Dataset entries

Lemma comm_jacobi x y z : linear x -> linear y -> linear z ->
  fadd (comm x (comm y z)) (fadd (comm y (comm z x)) (comm z (comm x y))) = fzero.
Proof.
move=> /linear_funB xB /linear_funB yB /linear_funB zB.
apply: functional_extensionality => w; rewrite /fadd /comm /fzero !xB !yB !zB.
rewrite !opprB !addrA !subrK.
set a := x (y (z w)); set b := x (z (y w)); set c := z (y (x w)); set d := y (x (z w)).
rewrite (addrAC _ (- d) b) (addrAC _ c b) subrK (addrAC _ (- d) (- c)).
by rewrite addrK subrK subrr.
Qed.
End Commutator.

Section LeibnizAlgebra.
Variables (R : realFieldType) (V : vectType R) (k : nat).
Variables (br : ('I_k.+2 -> V) -> V) (S : ('I_k.+1 -> V) -> R).
Hypothesis br_ml : multilinear br.
Local Notation fzero := (@fzero R V).
Implicit Types (x y z : V -> V) (u v : 'I_k.+1 -> V).

Definition derivation x :=
  forall v : 'I_k.+2 -> V, x (br v) = \sum_(i < k.+2) br (upd v i (x (v i))).

Definition Dcomb (r : seq (R * ('I_k.+1 -> V))) : V -> V :=
  fun w => \sum_(p <- r) p.1 *: Dop br p.2 w.

Lemma Dcomb_nil : Dcomb [::] = fzero.
Proof. by apply: functional_extensionality => w; rewrite /Dcomb big_nil. Qed.

Lemma Dcomb_cons p r : Dcomb (p :: r) = fadd (fscale p.1 (Dop br p.2)) (Dcomb r).
Proof. by apply: functional_extensionality => w; rewrite /Dcomb big_cons. Qed.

TASK DETAILS :: Going through the entries above, tally each line that has the word "Dcomb". Answer with the number only.

TASK OUTPUT :: 5